● Given data:
(* Let $s$ be a Sturmian word with a factorization $s=U_1U_2\cdots U_n\cdots$ into non-empty factors $U_i$ of $s$. If $r_s(U_i)=r_s(U_j)$ for all $i,j\ge 1$, then for every $M>0$ there exists an index $i$ with $|U_i|>M$.
   Context: A Sturmian word is an infinite word $s\in\{a,b\}^{\omega}$ that is aperiodic (not ultimately periodic) and balanced: for all factors $u,v$ of $s$ with $|u|=|v|$ one has $||u|_x-|v|_x|\le 1$ for $x\in\{a,b\}$, where $|u|_x$ is the number of occurrences of $x$ in $u$. A non-empty factor $w$ of $s$ is rich in the letter $z\in\{a,b\}$ if there is a factor $v$ of $s$ with $|v|=|w|$ and $|w|_z>|v|_z$; every non-empty factor of a Sturmian word is rich in exactly one letter, and $r_s(w)\in\{a,b\}$ denotes that letter. *)

From Stdlib Require Import ClassicalEpsilon.
From HB Require Import structures.
From mathcomp Require Import all_boot.
Set Implicit Arguments. Unset Strict Implicit. Unset Printing Implicit Defensive.

Inductive letter := la | lb.
Definition letter_eqb (x y : letter) : bool :=
  match x, y with la, la | lb, lb => true | _, _ => false end.
Lemma letter_eqP : Equality.axiom letter_eqb.
Proof. by case; case; constructor. Qed.
HB.instance Definition _ := hasDecEq.Build letter letter_eqP.

Definition infword := nat -> letter.

Definition factor_at (s : infword) (k n : nat) : seq letter :=
  [seq s (k + i) | i <- iota 0 n].

Definition is_factor (s : infword) (w : seq letter) : Prop :=
  exists k, w = factor_at s k (size w).

Definition occ (x : letter) (u : seq letter) : nat := count_mem x u.

Definition ult_periodic (s : infword) : Prop :=
  exists p N, 0 < p /\ forall n, N <= n -> s (n + p) = s n.

Definition balanced (s : infword) : Prop :=
  forall u v x, is_factor s u -> is_factor s v -> size u = size v ->
    occ x u <= (occ x v).+1 /\ occ x v <= (occ x u).+1.

Definition sturmian (s : infword) : Prop := ~ ult_periodic s /\ balanced s.

Definition rich (s : infword) (z : letter) (w : seq letter) : Prop :=
  exists v, is_factor s v /\ size v = size w /\ occ z v < occ z w.

(* r_s(w): the letter in which w is rich (well defined for non-empty factors
   of a Sturmian word, where it is unique). *)
Definition r_s (s : infword) (w : seq letter) : letter :=
  epsilon (inhabits la) (fun z => rich s z w).

(* s = U_0 U_1 U_2 ... : the concatenation of the U_i equals s. *)
Definition start_pos (U : nat -> seq letter) (i : nat) : nat :=
  \sum_(j < i) size (U j).

Definition is_factorization (s : infword) (U : nat -> seq letter) : Prop :=
  forall i k, k < size (U i) -> nth la (U i) k = s (start_pos U i + k).

From mathcomp Require Import all_boot zify.
From Stdlib Require Import Classical ClassicalEpsilon.

Set Implicit Arguments.
Unset Strict Implicit.

(* Let x be the common letter r_s(U_i) and suppose, for a contradiction, that
   every |U_i| is at most M.  A position q is "light" for an x-rich factor w
   when the window of length |w| starting at q contains fewer x's than w;
   by balance every other window of that length contains exactly |w|_x x's.
   1. Cutting two windows of equal length into corresponding blocks: if the
      blocks of the first never contain more x's than those of the second and
      two of them contain strictly fewer, the windows differ by 2 in x-count,
      contradicting balance ([no_two_deficits]).
   2. Aperiodicity makes light positions unbounded; two of them are congruent
      modulo |w|, and step 1 then shows that light positions occur in every
      interval of some fixed length G ([light_syndetic]).  Only finitely many
      lengths |U_i| <= M occur, so one G serves all U_i at once.
   3. In each block U_i pick a light offset d_i < G.  Two indices i < j share
      the same offset d; comparing the prefix U_0...U_j with the window at d,
      step 1 gives the final contradiction. *)

Lemma occ_cat x u v : occ x (u ++ v) = occ x u + occ x v.
Proof. by rewrite /occ count_cat. Qed.

Lemma letter_eq_compare (a b x : letter) : (a == x) = (b == x) -> a = b.
Proof. by case: a; case: b; case: x. Qed.

Lemma occ_la_lb u : occ la u + occ lb u = size u.
Proof. by rewrite /occ; elim: u => [|[] u IH] //=; rewrite ?addSn ?addnS IH. Qed.

Lemma sum_two_strict (a b : nat -> nat) K i j :
  (forall t, t < K -> a t <= b t) -> i < j -> j < K ->
  a i < b i -> a j < b j -> \sum_(t < K) a t + 2 <= \sum_(t < K) b t.
Proof.
move=> le_ab lt_ij lt_jK lt_i lt_j.
have indicator k : k < K -> \sum_(t < K) (t == k :> nat) = 1.
  move=> lt_kK; rewrite (bigD1 (Ordinal lt_kK)) //= eqxx big1 // => t.
  by rewrite -val_eqE /= => /negbTE ->.
rewrite -[2]/(1 + 1) -{1}(indicator i) ?(ltn_trans lt_ij) // -(indicator j) //.
rewrite addnA -!big_split /=.
apply: leq_sum => t _; have := le_ab t (ltn_ord t).
have [->|_] := eqVneq (val t) i; first by rewrite ltn_eqF //=; lia.
by case: eqP => [->|_] /=; lia.
Qed.

Lemma pigeonhole (G : nat) (f : nat -> nat) :
  (forall i, i <= G -> f i < G) -> exists i j, i < j <= G /\ f i = f j.
Proof.
move=> f_lt; apply: NNPP => all_distinct.
pose F (i : 'I_G.+1) : 'I_G := Ordinal (f_lt i (ltn_ord i)).
have F_inj : injective F.
  move=> i j /(congr1 val) /= eq_f; apply: val_inj => /=.
  have le_G (k : 'I_G.+1) : k <= G by rewrite -ltnS ltn_ord.
  case: (ltngtP i j) => // [lt_ij|lt_ji]; exfalso; apply: all_distinct.
  - by exists i, j; rewrite lt_ij le_G.
  - by exists j, i; rewrite lt_ji le_G.
by have := leq_card F F_inj; rewrite !card_ord ltnn.
Qed.

Section Windows.
Variable s : infword.

Lemma size_factor_at k n : size (factor_at s k n) = n.
Proof. by rewrite /factor_at size_map size_iota. Qed.

Lemma factor_at_is_factor k n : is_factor s (factor_at s k n).
Proof. by exists k; rewrite size_factor_at. Qed.

Lemma factor_at_cat q a b :
  factor_at s q (a + b) = factor_at s q a ++ factor_at s (q + a) b.
Proof.
rewrite /factor_at iotaD map_cat add0n; congr (_ ++ _).
by rewrite -[a in iota a]addn0 iotaDl -map_comp; apply: eq_map => i /=; rewrite addnA.
Qed.

Lemma occ_slide x k n :
  occ x (factor_at s k.+1 n) + (s k == x) = occ x (factor_at s k n) + (s (k + n) == x).
Proof.
have := congr1 (occ x) (factor_at_cat k 1 n).
rewrite addnC factor_at_cat addn1 !occ_cat /occ /factor_at /= !addn0.
lia.
Qed.

Lemma occ_blocks x (V : nat -> seq letter) q K :
  occ x (factor_at s q (start_pos V K)) =
  \sum_(t < K) occ x (factor_at s (q + start_pos V t) (size (V t))).
Proof.
elim: K => [|K IH]; first by rewrite /start_pos !big_ord0.
by rewrite big_ord_recr -IH /= {1}/start_pos big_ord_recr factor_at_cat occ_cat.
Qed.

Lemma constant_windows_periodic x n N c : 0 < n ->
  (forall q, N <= q -> occ x (factor_at s q n) = c) -> ult_periodic s.
Proof.
move=> n_gt0 const; exists n, N; split => // k le_Nk.
apply: (@letter_eq_compare _ _ x); have := occ_slide x k n.
rewrite !const ?(leqW le_Nk) //.
by case: (s (k + n) == x); case: (s k == x) => /=; lia.
Qed.

Hypothesis s_balanced : balanced s.

Lemma rich_max x w q : rich s x w -> occ x (factor_at s q (size w)) <= occ x w.
Proof.
move=> [v [v_factor [size_v lt_v]]].
have size_eq : size (factor_at s q (size w)) = size v by rewrite size_factor_at.
have [+ _] := @s_balanced _ _ x (factor_at_is_factor q _) v_factor size_eq; lia.
Qed.

Lemma rich_occ_eq x w1 w2 : is_factor s w1 -> is_factor s w2 ->
  rich s x w1 -> rich s x w2 -> size w1 = size w2 -> occ x w1 = occ x w2.
Proof.
move=> [k1 def_w1] [k2 def_w2] rich1 rich2 same_size.
have := rich_max k1 rich2; have := rich_max k2 rich1.
by rewrite -same_size -def_w1 same_size -def_w2; lia.
Qed.

Lemma no_two_deficits x (V : nat -> seq letter) K p q i j :
  (forall t, t < K -> occ x (factor_at s (p + start_pos V t) (size (V t)))
                      <= occ x (factor_at s (q + start_pos V t) (size (V t)))) ->
  i < j -> j < K ->
  occ x (factor_at s (p + start_pos V i) (size (V i)))
    < occ x (factor_at s (q + start_pos V i) (size (V i))) ->
  occ x (factor_at s (p + start_pos V j) (size (V j)))
    < occ x (factor_at s (q + start_pos V j) (size (V j))) -> False.
Proof.
move=> le_blocks lt_ij lt_jK lt_i lt_j.
have := sum_two_strict le_blocks lt_ij lt_jK lt_i lt_j; rewrite -!occ_blocks.
have size_eq : size (factor_at s p (start_pos V K)) = size (factor_at s q (start_pos V K)).
  by rewrite !size_factor_at.
have [_ +] := @s_balanced _ _ x (factor_at_is_factor _ _) (factor_at_is_factor _ _) size_eq.
lia.
Qed.

End Windows.

Definition light (s : infword) (x : letter) (w : seq letter) (q : nat) : bool :=
  occ x (factor_at s q (size w)) < occ x w.

Section Sturmian.
Variable s : infword.
Hypothesis s_sturmian : sturmian s.

Let s_balanced : balanced s := s_sturmian.2.

(* Every non-empty word is rich in some letter: otherwise all windows of its
   length would have its a-count and s would be ultimately periodic.  Hence
   r_s picks a letter in which the word is rich. *)
Lemma rich_exists w : 0 < size w -> exists z, rich s z w.
Proof.
move=> w_nonempty; apply: NNPP => not_rich; apply: s_sturmian.1.
apply: (@constant_windows_periodic s la (size w) 0 (occ la w)) => // q _.
have window := factor_at_is_factor s q (size w).
have count_w := occ_la_lb w.
have count_window := occ_la_lb (factor_at s q (size w)).
rewrite size_factor_at in count_window.
case: (ltngtP (occ la (factor_at s q (size w))) (occ la w)) => // cmp;
  exfalso; apply: not_rich; [exists la | exists lb];
  exists (factor_at s q (size w)); rewrite size_factor_at; do !split => //; lia.
Qed.

Lemma r_s_rich w : 0 < size w -> rich s (r_s s w) w.
Proof.
by move=> w_nonempty; apply: (epsilon_spec (inhabits la) (rich s^~ w)); apply: rich_exists.
Qed.

(* Light positions are unbounded, again by aperiodicity. *)
Lemma light_unbounded x w : rich s x w -> 0 < size w ->
  forall N, exists q, N <= q /\ light s x w q.
Proof.
move=> rich_w w_nonempty N; apply: NNPP => no_light; apply: s_sturmian.1.
apply: (@constant_windows_periodic s x (size w) N (occ x w)) => // q le_Nq.
apply/eqP; rewrite eqn_leq rich_max //= leqNgt.
by apply/negP => light_q; apply: no_light; exists q.
Qed.

Lemma light_pair x w : rich s x w -> 0 < size w ->
  exists a D, 0 < D /\ light s x w a /\ light s x w (a + D * size w).
Proof.
move=> rich_w w_nonempty; set n := size w.
have next N : exists q, (N <= q) && light s x w q.
  by have [q [le_Nq light_q]] := light_unbounded rich_w w_nonempty N; exists q; apply/andP.
have nextP N : N <= xchoose (next N) /\ light s x w (xchoose (next N)).
  by apply/andP; exact: (xchooseP (next N)).
pose seq_light k := iter k (fun m => xchoose (next m.+1)) (xchoose (next 0)).
have seq_lightP k : light s x w (seq_light k).
  by case: k => [|k]; [exact: (nextP 0).2 | exact: (nextP (seq_light k).+1).2].
have seq_incr : {homo seq_light : k k' / k < k'}.
  apply: homo_ltn => [? ? ?|k]; first exact: ltn_trans.
  exact: (nextP (seq_light k).+1).1.
have [k [k' [/andP [lt_kk' _] same_mod]]] :=
  @pigeonhole n (fun k => seq_light k %% n) (fun k _ => ltn_pmod _ w_nonempty).
have lt_ab := seq_incr _ _ lt_kk'.
have dvd_ab : n %| seq_light k' - seq_light k.
  by rewrite -(eqn_mod_dvd _ (ltnW lt_ab)) same_mod.
have D_gt0 : 0 < (seq_light k' - seq_light k) %/ n.
  by rewrite divn_gt0 // dvdn_leq // subn_gt0.
exists (seq_light k), ((seq_light k' - seq_light k) %/ n).
split=> //; rewrite divnK // (subnKC (ltnW lt_ab)).
by split; apply: seq_lightP.
Qed.

Lemma start_pos_const (w : seq letter) t : start_pos (fun=> w) t = t * size w.
Proof. by rewrite /start_pos sum_nat_const card_ord. Qed.

(* Light positions have bounded gaps.  If the windows at q, q + n, ..., q + Dn
   were all heavy, the window of length (D+1)n at q would beat the one at the
   light pair a, a + Dn by two. *)
Lemma light_syndetic x w : rich s x w -> 0 < size w ->
  exists G, forall q, exists2 d, d < G & light s x w (q + d).
Proof.
move=> rich_w w_nonempty.
have [a [D [D_gt0 [light_a light_b]]]] := light_pair rich_w w_nonempty.
exists (D.+1 * size w) => q; apply: NNPP => no_light.
have heavy t : t < D.+1 -> occ x w <= occ x (factor_at s (q + t * size w) (size w)).
  move=> lt_tD; rewrite leqNgt; apply/negP => light_t; apply: no_light.
  by exists (t * size w); rewrite // ltn_mul2r w_nonempty.
apply: (@no_two_deficits s s_balanced x (fun=> w) D.+1 a q 0 D) => //.
- move=> t lt_tD; rewrite !start_pos_const.
  exact: leq_trans (rich_max s_balanced _ rich_w) (heavy t lt_tD).
- by rewrite !start_pos_const mul0n addn0; apply: leq_trans light_a (heavy 0 _).
- by rewrite !start_pos_const; apply: leq_trans light_b (heavy D _).
Qed.

Section Factorization.
Variables (U : nat -> seq letter) (x : letter).
Hypotheses (U_factorization : is_factorization s U)
  (U_nonempty : forall i, 0 < size (U i)) (U_rich : forall i, rich s x (U i)).

Lemma factorization_factor_at i : factor_at s (start_pos U i) (size (U i)) = U i.
Proof.
apply: (@eq_from_nth _ la); rewrite ?size_factor_at // => k lt_k.
by rewrite /factor_at (nth_map 0) ?size_iota // nth_iota // U_factorization.
Qed.

Lemma factorization_is_factor i : is_factor s (U i).
Proof. by exists (start_pos U i); rewrite factorization_factor_at. Qed.

(* A gap bound for the light positions valid for all U_i of length <= M:
   there are finitely many such lengths, and equally long U_i have the same
   light positions. *)
Lemma light_syndetic_upto M : exists G, forall i, size (U i) <= M ->
  forall q, exists2 d, d < G & light s x (U i) (q + d).
Proof.
elim: M => [|M [G1 short_G1]]; first by exists 0 => i; rewrite leqNgt U_nonempty.
have [[i0 size_i0]|no_i0] := classic (exists i0, size (U i0) = M.+1); last first.
  exists G1 => i le_iM; apply: short_G1.
  by move: le_iM; rewrite leq_eqVlt ltnS => /orP [/eqP size_i|] //; case: no_i0; exists i.
have [G2 syndetic_i0] := light_syndetic (U_rich i0) (U_nonempty i0).
exists (G1 + G2) => i le_iM q.
have [lt_Mi|le_iM'] := ltnP M (size (U i)); last first.
  by have [d lt_d light_d] := short_G1 i le_iM' q; exists d; rewrite // ltn_addr.
have same_size : size (U i) = size (U i0) by lia.
have [d lt_d light_d] := syndetic_i0 q; exists d; first by rewrite ltn_addl.
rewrite /light same_size (rich_occ_eq s_balanced (factorization_is_factor i)
  (factorization_is_factor i0) (U_rich i) (U_rich i0) same_size).
exact: light_d.
Qed.

(* Two blocks U_i, U_j (i < j) cannot be light at the same offset d: the
   window of length |U_0 ... U_j| at d would have two fewer x's than the
   prefix U_0 ... U_j itself. *)
Lemma no_common_light_offset i j d : i < j ->
  light s x (U i) (start_pos U i + d) -> light s x (U j) (start_pos U j + d) -> False.
Proof.
move=> lt_ij light_i light_j.
have prefix t : factor_at s (0 + start_pos U t) (size (U t)) = U t.
  by rewrite add0n factorization_factor_at.
apply: (@no_two_deficits s s_balanced x U j.+1 d 0 i j) => [t _|//|//||];
  rewrite prefix addnC //; exact: rich_max.
Qed.

End Factorization.
End Sturmian.

Theorem mainTheorem2 (s : infword) (U : nat -> seq letter) :
  sturmian s ->
  is_factorization s U ->
  (forall i, 0 < size (U i)) ->
  (forall i j, r_s s (U i) = r_s s (U j)) ->
  forall M : nat, 0 < M -> exists i, M < size (U i).
Proof.
move=> s_sturmian U_factorization U_nonempty same_r M _.
apply: NNPP => no_long.
have short i : size (U i) <= M.
  by rewrite leqNgt; apply/negP => long_i; apply: no_long; exists i.
pose x := r_s s (U 0).
have U_rich i : rich s x (U i).
  by rewrite /x -(same_r i 0); apply: r_s_rich.
have [G syndetic] := light_syndetic_upto s_sturmian U_factorization U_nonempty U_rich M.
have offset i : exists d, (d < G) && light s x (U i) (start_pos U i + d).
  by have [d lt_d light_d] := syndetic i (short i) (start_pos U i); exists d; apply/andP.
pose d i := xchoose (offset i).
have offsetP i : d i < G /\ light s x (U i) (start_pos U i + d i).
  by apply/andP; exact: (xchooseP (offset i)).
have [i [j [/andP [lt_ij _] same_d]]] := @pigeonhole G d (fun i _ => (offsetP i).1).
apply: (no_common_light_offset s_sturmian U_factorization U_rich lt_ij (offsetP i).2).
by rewrite same_d; exact: (offsetP j).2.
Qed.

● What is needed: With "NNPP" as the string to find, copy every line of the records that holds it.

● Completed task:
move=> f_lt; apply: NNPP => all_distinct.
move=> w_nonempty; apply: NNPP => not_rich; apply: s_sturmian.1.
move=> rich_w w_nonempty N; apply: NNPP => no_light; apply: s_sturmian.1.
exists (D.+1 * size w) => q; apply: NNPP => no_light.
apply: NNPP => no_long.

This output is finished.